Lemma parallel_emb_addr l t x :
  parallel g (emb l t + x) - parallel g (emb l t) - parallel g x =
  emb l (g l (t + row l x) - g l t - g l (row l x)).
Proof.
apply/row_matrixP => i; rewrite !raddfB /= !row_parallel raddfD /= !row_emb.
by case: eqP => [->|_]; rewrite // add0r perm_parallel0 !subr0 subrr.
Qed.

End Parallel.

Section Transfer.
Variables (m b r : nat) (g : 'I_b -> {perm blk m}).
Variables (U W1 W2 U' W1' W2' : {vspace VV b m}).
Local Notation gamma := (parallel g).
Hypotheses (gamma0 : gamma 0 = 0) (r_lt : (r < m - 1)%N)
  (du : forall i, diff_bounded (g i) (2 ^ r))
  (sai : forall i, strongly_anti_invariant r (g i)).
Hypotheses (hypU : (\dim U).+1 = \dim {:VV b m}) (sW1 : (W1 <= U)%VS).
Hypotheses (hypU' : (\dim U').+1 = \dim {:VV b m}) (sW1' : (W1' <= U')%VS).
Hypothesis disjJ : Jset U :&: Jset U' = set0.
Hypothesis rel : forall x y, la_rel U W1 W2 x y = la_rel U' W1' W2' (gamma x) (gamma y).

Lemma notin_Jset' l : l \in Jset U -> l \notin Jset U'.
Proof. by move=> lJ; apply/negP => lJ'; have := in_set0 l; rewrite -disjJ inE lJ lJ'. Qed.

Lemma notin_Jset l : l \in Jset U' -> l \notin Jset U.
Proof. by apply: contraL => /notin_Jset' /negbTE ->. Qed.

Lemma W1_transfer a : (a \in W1) = (gamma a \in W1').
Proof. by have := rel 0 a; rewrite gamma0 /la_rel !mem0v !subr0. Qed.

Lemma la_rel_blockv_transfer l t s :
  la_rel (blockv U l) (blockv W1 l) (blockv W2 l) t s =
  la_rel (blockv U' l) (blockv W1' l) (blockv W2' l) (g l t) (g l s).
Proof. by rewrite -!la_rel_emb -!parallel_emb. Qed.

Lemma blockv_W1_Jset' l : l \in Jset U' -> blockv W1 l = 0%VS.
Proof.
move=> lJ'; apply: (la_rel_transfer_eq0 (H := blockv U' l) (D2 := blockv W2' l)
  (du l) (sai l) (lpreimS _ sW1')); first by rewrite -in_Jset.
move=> t s; rewrite -la_rel_blockv_transfer.
by rewrite (blockv_full (notin_Jset lJ')) la_rel_fullv.
Qed.

Lemma blockv_W1'_Jset l : l \in Jset U -> blockv W1' l = 0%VS.
Proof.
move=> lJ; apply: (la_rel_transfer_eq0 (H := blockv U l) (D2 := blockv W2 l)
  (diff_bounded_inv (du l))
  (strongly_anti_invariant_inv (sai l)) (lpreimS _ sW1)); first by rewrite -in_Jset.
move=> t s; rewrite la_rel_blockv_transfer !permKV.
by rewrite (blockv_full (notin_Jset' lJ)) la_rel_fullv.
Qed.

Lemma imset_blockv_W1 l :
  g l @: [set t | t \in blockv W1 l] = [set u | u \in blockv W1' l].
Proof.
by apply: perm_imset_vspace => t; rewrite !mem_blockv W1_transfer parallel_emb.
Qed.

Lemma dim_blockv_W1' l : \dim (blockv W1' l) = \dim (blockv W1 l).
Proof.
apply/eqP; rewrite -(eqn_exp2l _ _ (ltnSn 1)) -!card_vspace_blk -imset_blockv_W1.
by rewrite card_imset //; apply: perm_inj.
Qed.

(* For t in X the difference g_l (t + a_l) - g_l t lies in g_l a_l + blockv W1' l,
   so #|X| <= 2 ^ (dim (blockv W1' l) + r).  For l in Jset U or Jset U' that
   block is 0 while #|X| = 2 ^ m.-1 > 2 ^ r; otherwise X is everything and
   anti-invariance applies to g_l (blockv W1 l) = blockv W1' l. *)
Lemma W1_row_blockv_full l a : a \in W1 -> row l a != 0 -> blockv W1 l = fullv.
Proof.
move=> aW1 al0; set X := [set t | (t \in blockv U l) && (g l t \in blockv U' l)].
have cardX : (#|X| <= 2 ^ (\dim (blockv W1' l) + r))%N.
  apply: (diff_bounded_card_le (du l) al0) => t; rewrite inE !mem_blockv => /andP[tU gtU].
  have := rel (emb l t) (emb l t + a); rewrite la_rel_addr tU aW1 parallel_emb //.
  rewrite /la_rel gtU -(parallel_emb gamma0) -(parallel_emb_addr gamma0) => /esym W1'diff.
  by rewrite rpredB // -W1_transfer.
have small_cardX : (#|X| <= 2 ^ r)%N -> #|X| <> (2 ^ m.-1)%N.
  by move=> le_r cardE; move: le_r; rewrite cardE leq_exp2l //; lia.
have notJ : l \notin Jset U.
  apply/negP => lJ; apply: small_cardX.
    by rewrite blockv_W1'_Jset // dimv0 in cardX.
  rewrite -(card_blockv_Jset hypU lJ); apply: eq_card => t.
  by rewrite !inE (blockv_full (notin_Jset' lJ)) memvf andbT.
have notJ' : l \notin Jset U'.
  apply/negP => lJ'; apply: small_cardX.
    by rewrite dim_blockv_W1' blockv_W1_Jset' // dimv0 in cardX.
  rewrite -(card_blockv_Jset hypU' lJ').
  rewrite -(card_preimset [set u | u \in blockv U' l] (@perm_inj _ (g l))).
  by apply: eq_card => t; rewrite !inE (blockv_full notJ) memvf.
have : (m <= \dim (blockv W1' l) + r)%N.
  rewrite -(@leq_exp2l 2) // -card_blk -cardsT; apply: leq_trans cardX.
  by apply/subset_leq_card/subsetP => t _; rewrite inE !blockv_full ?memvf.
have [_ _ fai] := sai l.
by case: (fai _ _ (imset_blockv_W1 l)) => [[<-]|[]//]; lia.
Qed.

Lemma mem_W1 x : (x \in W1) = [forall i in ~: wall_index W1, row i x == 0].
Proof.
apply/idP/forall_inP => [xW1 i|rows0].
  rewrite !inE => iW1; apply: contraR iW1 => xi0.
  by rewrite Vblk_sub (W1_row_blockv_full xW1 xi0).
rewrite [x]sum_emb_row; apply: memv_suml => i _.
have [iW1|iW1] := boolP (i \in wall_index W1).
  by rewrite -mem_blockv; move: iW1; rewrite inE Vblk_sub => /eqP->; rewrite memvf.
have /eqP-> : row i x == 0 by apply: rows0; rewrite in_setC.
by have := mem0v (blockv W1 i); rewrite mem_blockv.
Qed.

Lemma W1_sum_Vblk : W1 = (\sum_(i in wall_index W1) Vblk m i)%VS.
Proof. by apply/vspaceP => x; rewrite mem_sum_Vblk mem_W1. Qed.

Lemma mem_W1_parallel_diff x w : (gamma (x + w) - gamma x \in W1) = (w \in W1).
Proof.
by rewrite !mem_W1; apply: eq_forallb_in => i _; rewrite row_parallel_diff_eq0.
Qed.

Lemma W1'_eq : W1' = W1.
Proof.
apply/vspaceP => y; rewrite -[y](parallelKV g) -W1_transfer.
by rewrite -(mem_W1_parallel_diff 0) add0r gamma0 subr0.
Qed.

Lemma W2_eq : W2 = W1.
Proof.
have [k kJ] := Jset_nonempty hypU; have [c cU] := Jset_exists_notin kJ.
apply/vspaceP => w; have := rel (emb k c) (emb k c + w).
rewrite la_rel_addr (negbTE cU) /la_rel parallel_emb //.
rewrite mem_emb_notin_Jset ?notin_Jset' // W1'_eq -(parallel_emb gamma0).
by rewrite mem_W1_parallel_diff.
Qed.

Lemma W2'_eq : W2' = W1.
Proof.
have [j jJ'] := Jset_nonempty hypU'; have [c cU'] := Jset_exists_notin jJ'.
set x := emb j ((g j)^-1%g c).
have gx : gamma x = emb j c by rewrite parallel_emb // permKV.
apply/vspaceP => y; set w := parallel (fun i => (g i)^-1)%g (gamma x + y) - x.
have gxw : gamma (x + w) = gamma x + y by rewrite addrC subrK parallelKV.
have := rel x (x + w); rewrite la_rel_addr mem_emb_notin_Jset ?notin_Jset //.
rewrite /la_rel gx (negbTE cU') -gx gxw addrC addKr => <-.
by rewrite -(mem_W1_parallel_diff x) gxw addrC addKr.
Qed.

Lemma wall_W1 : LA U' W1' W2' != singleton_partition b m -> wall W1.
Proof.
move=> nt; exists (wall_index W1); split; last exact: W1_sum_Vblk.
  apply: contraNneq nt => I0.
  by rewrite W1'_eq W2'_eq LA_Lpart // W1_sum_Vblk I0 big_set0 Lpart0.
apply/eqP => IT; have [x /negP] := hyperplane_exists_notin hypU; apply.
by apply: (subvP sW1); rewrite mem_W1 IT setCT; apply/forall_inP => i; rewrite inE.
Qed.

Lemma LA_linear_walls :
  nontrivial (LA U' W1' W2') ->
  [/\ wall W1, wall W1', wall W2 & wall W2'] /\
  [/\ W1 = W1', W1' = W2 & W2 = W2'] /\
  (LA U W1 W2 = Lpart W1 /\ LA U' W1' W2' = Lpart W1').
Proof.
case=> /wall_W1 wW1 _.
by rewrite W1'_eq W2_eq W2'_eq; do !split => //; apply: LA_Lpart.
Qed.

End Transfer.

Theorem lemma3p12 (m b r : nat) (g : 'I_b -> {perm 'rV['F_2]_m})
    (U W1 W2 U' W1' W2' : {vspace 'M['F_2]_(b, m)}) :
  (1 < m)%N -> (1 < b)%N ->
  parallel g 0 = 0 ->
  (forall i, diff_uniform (g i) (2 ^ r)) ->
  (r < m - 1)%N ->
  (forall i, strongly_anti_invariant r (g i)) ->
  \dim U = (m * b).-1 -> (W1 <= U)%VS -> (W2 <= U)%VS ->
  \dim U' = (m * b).-1 -> (W1' <= U')%VS -> (W2' <= U')%VS ->
  Jset U :&: Jset U' = set0 ->
  maps_onto (parallel g) (LA U W1 W2) (LA U' W1' W2') ->
  nontrivial (LA U' W1' W2') ->
  [/\ wall W1, wall W1', wall W2 & wall W2'] /\
  [/\ W1 = W1', W1' = W2 & W2 = W2'] /\
  (LA U W1 W2 = Lpart W1 /\ LA U' W1' W2' = Lpart W1').
Proof.
move=> m_gt1 b_gt1 gamma0 du r_lt sai dimU sW1 sW2 dimU' sW1' sW2' disjJ gLA.
have hyperplane (V : {vspace VV b m}) :
    \dim V = (m * b).-1 -> (\dim V).+1 = \dim {:VV b m}.
  by move=> ->; rewrite dimvf dim_matrix mulnC prednK // muln_gt0; lia.
have hypU := hyperplane U dimU; have hypU' := hyperplane U' dimU'.
apply: (LA_linear_walls gamma0 r_lt (fun i => diff_uniform_bounded (du i)) sai
  hypU sW1 hypU' sW1' disjJ).
exact: (maps_onto_la_rel (@parallel_inj _ _ g) hypU sW1 sW2 hypU' sW1' sW2' gLA).
Qed.
Lemma shoot_lambda_star_gt0 n : 0 < shoot lambda_star n.
Proof.
rewrite lt_neqAle shoot_lambda_star_ge0 andbT; apply/eqP => F_eq0.
by have := shoot_lambda_starS_lt n; rewrite -F_eq0 ltNge shoot_lambda_star_ge0.
Qed.

Lemma shoot_lambda_star_anti j n : (j <= n)%N -> shoot lambda_star n <= shoot lambda_star j.
Proof. by apply: shoot_anti (ltW lambda_star_gt0) shoot_lambda_star_ge0. Qed.

Lemma shoot_lambda_star_small e : 0 < e -> exists n, shoot lambda_star n < e.
Proof.
move=> e_gt0; apply: contrapT => no_small.
have F_ge k : e <= shoot lambda_star k.
  by rewrite leNgt; apply/negP => Fk; apply: no_small; exists k.
have [l l_gt Fl_gt0] := shoot_gt0_perturb (ltW lambda_star_gt0) e_gt0 F_ge.
have Ql : shoot_pos_set l := conj (ltW (lt_trans lambda_star_gt0 l_gt)) Fl_gt0.
by have := shoot_pos_set_le Ql; rewrite leNgt l_gt.
Qed.

Lemma shoot_lambda_star_cvg0 : shoot lambda_star n @[n --> \oo] --> 0.
Proof.
apply/cvgrPdist_lt => e e_gt0; have [N FN] := shoot_lambda_star_small e_gt0.
exists N => // n /= N_le_n; rewrite sub0r normrN ger0_norm ?(ltW (shoot_lambda_star_gt0 n)) //.
exact: le_lt_trans (shoot_lambda_star_anti N_le_n) FN.
Qed.

Definition radial_Delta (phi : nat -> R) (k : nat) : R :=
  if k is k'.+1 then (b * phi k' + (1 - b) * phi k.+1 - phi k) * p ^- k
  else phi 1%N - phi 0%N.

Lemma Delta_radial (phi : nat -> R) (x : vertex m) :
  Delta b (fun y => phi (level y)) x = radial_Delta phi (level x).
Proof.
have m_neq0 : m%:R != 0 :> R by rewrite pnatr_eq0 -lt0n.
case: x => [|a x] /=; rewrite sumr_const card_ord -mulr_natr /level /=; first by field.
by congr ((_ + _ - _) * _); field.
Qed.

Lemma radial_Delta_shoot l k : radial_Delta (shoot l) k = - l * shoot l k.
Proof.
case: k => [|k] /=; first by rewrite shootS shoot_root shoot_sum_root expr0; ring.
have -> : shoot l k = shoot l k.+1 + l * p ^+ k * shoot_sum l k by rewrite shootS; ring.
rewrite [shoot l k.+2]shootS shoot_sumS exprS pbetaE.
have p_neq0 : (b / (1 - b)) ^+ k != 0 by rewrite -pbetaE expf_neq0 // gt_eqF ?pbeta_gt0.
have b1_neq0 : 1 - b != 0 by rewrite subr_eq0 eq_sym lt_eqF ?b_lt1.
move: p_neq0; set P := _ ^+ k => p_neq0; field.
by rewrite p_neq0 b1_neq0 gt_eqF.
Qed.

Lemma Delta_scale_sub (t : R) (v u : vertex m -> R) x :
  Delta b (fun y => t * v y - u y) x = t * Delta b v x - Delta b u x.
Proof. by case: x => [|a x] /=; rewrite sumrB -mulr_sumr; ring. Qed.

Lemma Delta_ge_nonneg (w : vertex m -> R) x : (forall y, 0 <= w y) ->
  - w x * p ^- level x <= Delta b w x.
Proof.
move=> w_ge0; have sum_ge0 z : 0 <= \sum_(i < m) w (i :: z) by apply: sumr_ge0.
case: x => [|a x] /=.
  have : 0 <= m%:R^-1 * \sum_(i < m) w [:: i] by rewrite mulr_ge0 ?invr_ge0.
  by rewrite expr0 invr1 mulr1; lra.
rewrite /level /=; apply: ler_wpM2r; first by rewrite invr_ge0 exprn_ge0 ?(ltW pbeta_gt0).
have : 0 <= (1 - b) / m%:R * \sum_(i < m) w [:: i, a & x].
  by rewrite mulr_ge0 ?divr_ge0 ?subr_ge0 ?(ltW b_lt1).
have : 0 <= b * w x by rewrite mulr_ge0 ?(ltW b_gt0).
lra.
Qed.
Lemma is_prob_const (R : realType) (q : nat) (nu : 'I_q -> R) (c : R) :
  (0 < q)%N -> is_prob nu -> (forall k, nu k = c) -> c = q%:R^-1.
Proof.
move=> q_gt0 [_ nu_sum] nu_c; move: nu_sum; under eq_bigr do rewrite nu_c.
rewrite sumr_const card_ord -[c *+ q]mulr_natr => /(congr1 (fun x => x / q%:R)) /=.
by rewrite mulfK ?mul1r // pnatr_eq0 -lt0n.
Qed.

Section TwoValuedBlocks.
Variables (R : realType) (q : nat) (nu : 'I_q -> R) (a b : R).
Hypotheses (nu_noninc : nonincreasing_coords nu) (ab : a < b)
  (nu_ab : forall k, nu k = a \/ nu k = b) (nu_b : exists k, nu k = b).

Lemma nonincreasing_two_valued_blocks : exists l : nat,
  [/\ (1 <= l <= q)%N, (forall k : 'I_q, (k < l)%N -> nu k = b) &
      (forall k : 'I_q, (l <= k)%N -> nu k = a)].
Proof.
pose P n := [forall k : 'I_q, (n <= k)%N ==> (nu k == a)].
have Pq : P q by apply/forallP => k; rewrite leqNgt ltn_ord.
have [l Pl l_min] := ex_minnP (ex_intro P q Pq).
have ge_l (k : 'I_q) : (l <= k)%N -> nu k = a.
  by move=> lk; apply/eqP; move/forallP/(_ k): Pl; rewrite lk.
have lt_l (k : 'I_q) : (k < l)%N -> nu k = b.
  move=> kl; case: (nu_ab k) => // nka; suff: (l <= k)%N by rewrite leqNgt kl.
  apply: l_min; apply/forallP => j; apply/implyP => kj.
  case: (nu_ab j) => [-> //|njb].
  by have := nu_noninc kj; rewrite nka njb leNgt ab.
exists l; split=> //; apply/andP; split; last exact: l_min.
rewrite lt0n; apply/eqP => l0; have [k nkb] := nu_b.
have : nu k = a by apply: ge_l; rewrite l0.
by rewrite nkb => ba; move: ab; rewrite ba ltxx.
Qed.

End TwoValuedBlocks.

Lemma sum_blocks (V : nmodType) (q l : nat) (F : 'I_q -> V) (a b : V) :
  (l <= q)%N -> (forall k : 'I_q, (k < l)%N -> F k = b) ->
  (forall k : 'I_q, (l <= k)%N -> F k = a) ->
  \sum_(k < q) F k = b *+ l + a *+ (q - l).
Proof.
move=> lq lt_l ge_l.
pose G n := if (n < l)%N then b else a.
have -> : \sum_(k < q) F k = \sum_(0 <= n < q) G n.
  rewrite big_mkord; apply: eq_bigr => k _; rewrite /G.
  by case: ifP => kl; [exact: lt_l | apply: ge_l; rewrite leqNgt kl].
rewrite (@big_cat_nat _ _ _ l) //=.
rewrite (@eq_big_nat _ _ _ 0 l _ (fun=> b)); last by move=> n /andP [_ nl]; rewrite /G nl.
rewrite (@eq_big_nat _ _ _ l q _ (fun=> a)); last first.
  by move=> n /andP [ln _]; rewrite /G ltnNge ln.
by rewrite !big_const_nat !iter_addr !addr0 subn0.
Qed.

Section GammaMinimizers.
Variables (R : realType) (beta z : R) (q : nat).
Hypotheses (beta_gt0 : 0 < beta) (z_gt1 : 1 < z) (q_gt0 : (0 < q)%N).

Local Notation g := (gfun beta q z).
Local Notation ut := (u_tilde beta z).

Definition gfun_deriv (x : R) : R := beta * ((z - 1) * x `^ (z - 1 - 1)) - x^-1.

= WORK REQUEST =
Collect each line of the entries that has the word "memvf", copying it in full.

= TASK ANSWER =
  by rewrite !inE (blockv_full (notin_Jset' lJ)) memvf andbT.
  by apply: eq_card => t; rewrite !inE (blockv_full notJ) memvf.
  by apply/subset_leq_card/subsetP => t _; rewrite inE !blockv_full ?memvf.
  by rewrite -mem_blockv; move: iW1; rewrite inE Vblk_sub => /eqP->; rewrite memvf.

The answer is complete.